# Changing T8 to T5



## Abner (Apr 7, 2009)

hey everyone i been searching the web trying to find some way to change the from T8 to T5 and keep my hood i.e diy retro-fit....anyone have any ideas or done this before?? i have a 30 gallon kit(waterhome) i bought from pj's and it came with 2 T8 bulbs i have since changed to a power-glo and actinic for the purpose of a reef tank.

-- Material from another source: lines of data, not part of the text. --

(* Let $k$ be an algebraically closed field of characteristic $0$. Every curve in a nonempty Zariski open subset of the moduli space of genus-$2$ curves over $k$ is isomorphic to a curve of the form $y^2=(x-v)(vx-1)(x^2-a_1)(x^2-a_2)$ with $a_1,a_2,v\in k$. Equivalently, for six points $P_1,\ldots,P_6$ of $\mathbf{P}^1(k)$ in general position, there is a coordinate $x$ on $\mathbf{P}^1$ in which the set $\{P_1,\ldots,P_6\}$ equals $\{x_1,-x_1,x_2,-x_2,v,1/v\}$ for some $x_1,x_2,v\in k$. *)

From HB Require Import structures.
From mathcomp Require Import all_boot all_order all_algebra.
Set Implicit Arguments. Unset Strict Implicit. Unset Printing Implicit Defensive.
Import Order.TTheory GRing.Theory.
Local Open Scope ring_scope.

Inductive pexpr (R : Type) (n : nat) : Type :=
| PX : 'I_n -> pexpr R n
| PC : R -> pexpr R n
| PAdd : pexpr R n -> pexpr R n -> pexpr R n
| PMul : pexpr R n -> pexpr R n -> pexpr R n.

Fixpoint peval (R : pzRingType) (n : nat) (e : pexpr R n) (x : 'I_n -> R) : R :=
  match e with
  | PX i => x i
  | PC c => c
  | PAdd e1 e2 => peval e1 x + peval e2 x
  | PMul e1 e2 => peval e1 x * peval e2 x
  end.

(* P holds on a nonempty Zariski open subset of k^n: there is a polynomial f,
   not identically zero, such that P holds wherever f does not vanish.
   (Every nonempty Zariski open set contains a nonempty basic open D(f).) *)
Definition generic (R : pzRingType) (n : nat) (P : ('I_n -> R) -> Prop) : Prop :=
  exists f : pexpr R n,
    (exists x, peval f x != 0) /\ (forall x, peval f x != 0 -> P x).

Definition moebius (F : fieldType) (a b c d : F) (x : F) : F := (a * x + b) / (c * x + d).

From HB Require Import structures.
From mathcomp Require Import all_boot all_order all_algebra ring.
Import GRing.Theory.
Local Open Scope ring_scope.

(* Given four points p0, p1, p2, p3 of the line, there is a unique
   involution sigma(x) = (a x + b) / (c x - a) exchanging p0 <-> p1 and
   p2 <-> p3; its coefficients a, b, c are explicit polynomials in the p_i.
   When c != 0 and the discriminant a^2 + b c is nonzero, sigma has two
   distinct fixed points (a +- r) / c with r^2 = a^2 + b c, and the Moebius map
     N(q) = l (c q - a - r) / (c q - a + r)
   sending them to 0 and infinity conjugates sigma to z |-> -z, for every
   scale l.  Hence N(p1) = - N(p0) and N(p3) = - N(p2).  Over an algebraically
   closed field we can finally choose l with l^2 = (w4 w5) / (u4 u5), where
   u_i = c p_i - a - r and w_i = c p_i - a + r, so that N(p5) = 1 / N(p4).  This works as soon as the "degeneracy" polynomial
     c * (a^2 + b c) * prod_i ((c p_i - a)^2 - (a^2 + b c))
   does not vanish; in characteristic 0 it is not identically zero, as its
   value at the integer point (0, 1, ..., 5) shows. *)

Lemma pchar0_intr_eq0 (F : fieldType) :
  [pchar F] =i pred0 -> forall z : int, (z%:~R == 0 :> F) = (z == 0).
Proof.
move=> /pcharf0P natr_eq0 [] n; first by rewrite -pmulrn natr_eq0.
by rewrite NegzE intrN oppr_eq0 -pmulrn natr_eq0.
Qed.

Lemma closed_field_sqrt {F : closedFieldType} (x : F) : exists r : F, r ^+ 2 = x.
Proof.
have [r Hr] := @solve_monicpoly F 2 (fun i => if i == 0%N then x else 0) isT.
by exists r; rewrite Hr big_ord_recr big_ord1 /= expr0 mulr1 mul0r addr0.
Qed.

Lemma sqr_scale_neq0 {F : idomainType} {l x y : F} :
  l ^+ 2 * x = y -> y != 0 -> (l != 0) && (x != 0).
Proof. by move=> <-; rewrite mulf_eq0 expf_eq0 /= negb_or. Qed.

Lemma scaled_inverse_pair (F : fieldType) (l u4 w4 u5 w5 : F) :
  l ^+ 2 * (u4 * u5) = w4 * w5 -> w4 != 0 -> w5 != 0 ->
  l * u5 / w5 = (l * u4 / w4)^-1.
Proof.
move=> hl hw4 hw5; have /andP[hl0] := sqr_scale_neq0 hl (mulf_neq0 hw4 hw5).
rewrite mulf_eq0 negb_or => /andP[hu4 hu5].
rewrite invf_div; apply/eqP; rewrite eqr_div ?mulf_neq0 //.
by apply/eqP; rewrite -hl; ring.
Qed.

Section Normalizer.
(* The involution x |-> (a x + b) / (c x - a) has fixed points (a +- r) / c,
   where r is a square root of its discriminant a^2 + b c. *)
Variables (F : fieldType) (a b c r l : F).
Hypothesis r_sqrt : r ^+ 2 = a ^+ 2 + b * c.

(* The Moebius map sending the fixed points to 0 and infinity, scaled by l. *)
Definition normalizer (q : F) : F := l * (c * q - a - r) / (c * q - a + r).

Lemma normalizer_moebius (q : F) :
  normalizer q = moebius (l * c) (- (l * (a + r))) c (r - a) q.
Proof. by rewrite /normalizer /moebius; congr (_ / _); ring. Qed.

Lemma normalizer_opposite (x y : F) :
  c * x * y - a * (x + y) - b = 0 ->
  c * x - a + r != 0 -> c * y - a + r != 0 ->
  normalizer y = - normalizer x.
Proof.
move=> swap_xy hx hy; rewrite /normalizer -mulNr; apply/eqP.
rewrite eqr_div // -subr_eq0.
have -> : l * (c * y - a - r) * (c * x - a + r) - - (l * (c * x - a - r)) * (c * y - a + r)
    = 2 * l * (c * (c * x * y - a * (x + y) - b) + (a ^+ 2 + b * c - r ^+ 2)) by ring.
by rewrite swap_xy r_sqrt subrr mulr0 add0r mulr0.
Qed.

(* Numerator and denominator of N(q) multiply to the fixed-point quadratic,
   so both are nonzero when q is not a fixed point. *)
Lemma fixed_point_factors (q : F) :
  (c * q - a - r) * (c * q - a + r) = (c * q - a) ^+ 2 - (a ^+ 2 + b * c).
Proof. by rewrite -r_sqrt; ring. Qed.

End Normalizer.
Arguments normalizer {F}.
Arguments normalizer_opposite {F a b c r} l.
Arguments fixed_point_factors {F a b c r}.

Section InvolutionOfFourPoints.
(* Coefficients of the involution exchanging p0 <-> p1 and p2 <-> p3. *)
Variables (R : comPzRingType) (p0 p1 p2 p3 : R).

Definition invol_a : R := p0 * p1 - p2 * p3.
Definition invol_b : R := p2 * p3 * (p0 + p1) - p0 * p1 * (p2 + p3).
Definition invol_c : R := p0 + p1 - (p2 + p3).
Definition invol_disc : R := invol_a ^+ 2 + invol_b * invol_c.

(* Up to the factor c, the quadratic whose roots are the fixed points. *)
Definition fixed_form (q : R) : R := (invol_c * q - invol_a) ^+ 2 - invol_disc.

(* x |-> (a x + b) / (c x - a) indeed exchanges the points of each pair. *)
Lemma invol_swaps01 : invol_c * p0 * p1 - invol_a * (p0 + p1) - invol_b = 0.
Proof. rewrite /invol_a /invol_b /invol_c; ring. Qed.

Lemma invol_swaps23 : invol_c * p2 * p3 - invol_a * (p2 + p3) - invol_b = 0.
Proof. rewrite /invol_a /invol_b /invol_c; ring. Qed.

End InvolutionOfFourPoints.
Arguments invol_a {R}. Arguments invol_b {R}. Arguments invol_c {R}.
Arguments invol_disc {R}. Arguments fixed_form {R}.

Local Notation ord6 j := (@Ordinal 6 j isT).

Section SixPoints.
Variable R : comPzRingType.
Implicit Type P : 'I_6 -> R.

Definition inv_a P := invol_a (P (ord6 0)) (P (ord6 1)) (P (ord6 2)) (P (ord6 3)).
Definition inv_b P := invol_b (P (ord6 0)) (P (ord6 1)) (P (ord6 2)) (P (ord6 3)).
Definition inv_c P := invol_c (P (ord6 0)) (P (ord6 1)) (P (ord6 2)) (P (ord6 3)).
Definition inv_disc P := invol_disc (P (ord6 0)) (P (ord6 1)) (P (ord6 2)) (P (ord6 3)).

(* The degeneracy function: its nonvanishing means that the involution has
   two distinct fixed points, none of which is one of the six points. *)
Definition degeneracy P : R :=
  inv_c P * inv_disc P * \prod_i fixed_form (P (ord6 0)) (P (ord6 1)) (P (ord6 2)) (P (ord6 3)) (P i).

End SixPoints.
Arguments inv_a {R}. Arguments inv_b {R}. Arguments inv_c {R}.
Arguments inv_disc {R}. Arguments degeneracy {R}.

(* The degeneracy has integer coefficients, so it commutes with ring morphisms. *)
Lemma degeneracy_rmorph {R S : comPzRingType} (f : {rmorphism R -> S}) (P : 'I_6 -> R) :
  f (degeneracy P) = degeneracy (f \o P).
Proof.
rewrite /degeneracy /inv_c /inv_disc /fixed_form /invol_disc /invol_a /invol_b /invol_c.
rewrite !rmorphM rmorph_prod !(rmorphB, rmorphD, rmorphM, rmorphXn).
by under eq_bigr do rewrite !(rmorphB, rmorphD, rmorphM, rmorphXn).
Qed.

Lemma enum_ord6 :
  enum 'I_6 = [:: ord6 0; ord6 1; ord6 2; ord6 3; ord6 4; ord6 5].
Proof. by apply: (inj_map val_inj); rewrite val_enum_ord. Qed.

Lemma six_points_normal_form (F : fieldType) (P : 'I_6 -> F) (r l : F) :
  2 != 0 :> F -> degeneracy P != 0 ->
  r ^+ 2 = inv_disc P ->
  let w q := inv_c P * q - inv_a P + r in
  let u q := inv_c P * q - inv_a P - r in
  l ^+ 2 = w (P (ord6 4)) * w (P (ord6 5)) / (u (P (ord6 4)) * u (P (ord6 5))) ->
  exists (a b c d : F), a * d - b * c != 0 /\
    (forall i, c * P i + d != 0) /\
    exists (x1 x2 v : F), v != 0 /\
      [seq moebius a b c d (P i) | i <- enum 'I_6] =i [:: x1; - x1; x2; - x2; v; v^-1].
Proof.
move=> two_neq0 hdeg r_sqrt w u hl.
have [/andP[hc hdisc] hfix] : (inv_c P != 0) && (inv_disc P != 0) /\
    forall i, fixed_form (P (ord6 0)) (P (ord6 1)) (P (ord6 2)) (P (ord6 3)) (P i) != 0.
  move: hdeg; rewrite /degeneracy !mulf_eq0 !negb_or => /andP[-> /prodf_neq0 hi].
  by split=> // i; apply: hi.
have hr0 : r != 0 by apply: contraNneq hdisc => r0; rewrite -r_sqrt r0 expr0n.
have huw i : (u (P i) != 0) && (w (P i) != 0).
  rewrite -negb_or -mulf_eq0; move: (hfix i); rewrite /u /w.
  by rewrite (fixed_point_factors r_sqrt).
have hu i : u (P i) != 0 by case/andP: (huw i).
have hw i : w (P i) != 0 by case/andP: (huw i).
have {}hl : l ^+ 2 * (u (P (ord6 4)) * u (P (ord6 5))) = w (P (ord6 4)) * w (P (ord6 5)).
  by rewrite hl divfK ?mulf_neq0.
have /andP[hl0 _] := sqr_scale_neq0 hl (mulf_neq0 (hw _) (hw _)).
pose N := normalizer (inv_a P) (inv_c P) r l.
have N_moebius i : N (P i) = moebius (l * inv_c P) (- (l * (inv_a P + r))) (inv_c P) (r - inv_a P) (P i).
  exact: normalizer_moebius.
have N01 : N (P (ord6 1)) = - N (P (ord6 0)).
  by apply: (normalizer_opposite l r_sqrt); [exact: invol_swaps01 | exact: hw | exact: hw].
have N23 : N (P (ord6 3)) = - N (P (ord6 2)).
  by apply: (normalizer_opposite l r_sqrt); [exact: invol_swaps23 | exact: hw | exact: hw].
have N45 : N (P (ord6 5)) = (N (P (ord6 4)))^-1 by apply: scaled_inverse_pair hl _ _.
exists (l * inv_c P), (- (l * (inv_a P + r))), (inv_c P), (r - inv_a P); split.
  have -> : l * inv_c P * (r - inv_a P) - - (l * (inv_a P + r)) * inv_c P
      = 2 * (l * inv_c P * r) by ring.
  by rewrite !mulf_neq0.
split.
  by move=> i; have := hw i; rewrite /w; congr (_ != 0); ring.
exists (N (P (ord6 0))), (N (P (ord6 2))), (N (P (ord6 4))); split.
  rewrite /N /normalizer mulf_neq0 ?invr_eq0 ?mulf_neq0 //; [exact: hu | exact: hw].
by rewrite enum_ord6 /= -!N_moebius N01 N23 N45.
Qed.

Lemma closed_six_points_normal_form (k : closedFieldType) (P : 'I_6 -> k) :
  [pchar k] =i pred0 -> degeneracy P != 0 ->
  exists (a b c d : k), a * d - b * c != 0 /\
    (forall i, c * P i + d != 0) /\
    exists (x1 x2 v : k), v != 0 /\
      [seq moebius a b c d (P i) | i <- enum 'I_6] =i [:: x1; - x1; x2; - x2; v; v^-1].
Proof.
move=> /pcharf0P pchar0 hdeg.
have [r r_sqrt] := closed_field_sqrt (inv_disc P).
pose w q := inv_c P * q - inv_a P + r; pose u q := inv_c P * q - inv_a P - r.
have [l l_sqrt] := closed_field_sqrt (w (P (ord6 4)) * w (P (ord6 5)) / (u (P (ord6 4)) * u (P (ord6 5)))).
by apply: (@six_points_normal_form k P r l); rewrite ?pchar0.
Qed.

Section PolynomialExpressions.
Variables (R : pzRingType) (n : nat).

Definition psub (e1 e2 : pexpr R n) : pexpr R n := PAdd e1 (PMul (@PC R n (-1)) e2).
Definition psqr (e : pexpr R n) : pexpr R n := PMul e e.
Definition pprod (s : seq (pexpr R n)) : pexpr R n := foldr (@PMul R n) (@PC R n 1) s.

Lemma peval_pprod (s : seq (pexpr R n)) (x : 'I_n -> R) :
  peval (pprod s) x = \prod_(e <- s) peval e x.
Proof. by elim: s => [|e s IHs]; rewrite ?big_nil ?big_cons //= IHs. Qed.

End PolynomialExpressions.
Arguments psub {R n}. Arguments psqr {R n}. Arguments pprod {R n}.

Section DegeneracyPolynomial.
Variable R : comPzRingType.
Local Notation X j := (@PX R 6 (ord6 j)).

Definition pinvol_a : pexpr R 6 := psub (PMul (X 0) (X 1)) (PMul (X 2) (X 3)).
Definition pinvol_b : pexpr R 6 :=
  psub (PMul (PMul (X 2) (X 3)) (PAdd (X 0) (X 1))) (PMul (PMul (X 0) (X 1)) (PAdd (X 2) (X 3))).
Definition pinvol_c : pexpr R 6 := psub (PAdd (X 0) (X 1)) (PAdd (X 2) (X 3)).
Definition pinvol_disc : pexpr R 6 := PAdd (psqr pinvol_a) (PMul pinvol_b pinvol_c).
Definition pfixed_form (e : pexpr R 6) : pexpr R 6 :=
  psub (psqr (psub (PMul pinvol_c e) pinvol_a)) pinvol_disc.
Definition degeneracy_poly : pexpr R 6 :=
  PMul (PMul pinvol_c pinvol_disc) (pprod [seq pfixed_form (@PX R 6 i) | i <- enum 'I_6]).

Lemma peval_degeneracy (P : 'I_6 -> R) : peval degeneracy_poly P = degeneracy P.
Proof.
rewrite /= peval_pprod big_map big_enum /= !mulN1r -!expr2.
by congr (_ * _); apply: eq_big => // i _; rewrite /= !mulN1r -!expr2.
Qed.

End DegeneracyPolynomial.

Lemma degeneracy_at_iota (F : fieldType) :
  [pchar F] =i pred0 -> degeneracy (fun i : 'I_6 => (Posz i)%:~R : F) != 0.
Proof.
move=> pchar0.
have -> : degeneracy (fun i : 'I_6 => (Posz i)%:~R : F) = (degeneracy (fun i : 'I_6 => Posz i))%:~R.
  exact: esym (degeneracy_rmorph (GRing.RMorphism.clone int F intr _) _).
rewrite pchar0_intr_eq0 //; apply: mulf_neq0; first by apply: mulf_neq0; vm_compute.
by apply/prodf_neq0 => -[[|[|[|[|[|[|//]]]]]] ?] _; vm_compute.
Qed.

Theorem mainTheorem6 (k : closedFieldType) (hchar : [pchar k] =i pred0) :
  generic (fun P : 'I_6 -> k =>
    exists (a b c d : k), a * d - b * c != 0 /\
      (forall i, c * P i + d != 0) /\
      exists (x1 x2 v : k), v != 0 /\
        [seq moebius a b c d (P i) | i <- enum 'I_6]
          =i [:: x1; - x1; x2; - x2; v; v^-1]).
Proof.
exists (degeneracy_poly k); split.
  by exists (fun i : 'I_6 => (Posz i)%:~R); rewrite peval_degeneracy degeneracy_at_iota.
by move=> P; rewrite peval_degeneracy; apply: closed_six_points_normal_form.
Qed.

So yeah would appreciate it someone knew how i could change out the light system for a t5 one...tank footprint is 31x14x18 so was thinking just 2 T5 bulbs let me know if you think i need more but i guess will cross that bridge if we get to it...thanx in advance


----------



## ameekplec. (May 1, 2008)

http://oceanaquatics.com/store/product/2569/Sun-Blaze-T5-Strip-Light-24"/

Order a few of these - 3 -4 would work best in your tank. Best thing to use if you're not a super DIYer, and also a more economical option - seperately, a reflector would be $25, end caps, standoffs, bulb clips another $6, a ballast $30 - 40, and bulb $25 so it's a pretty good deal, albeit not the best reflector or bulbs. You could just buy one or two bluer bulbs to replace the stock 6500K lamp.


----------



## Abner (Apr 7, 2009)

thanx ameek i'm pretty good in the diy department if i know how to go about doing it...will try to order the stuff next week and then i can go from there


----------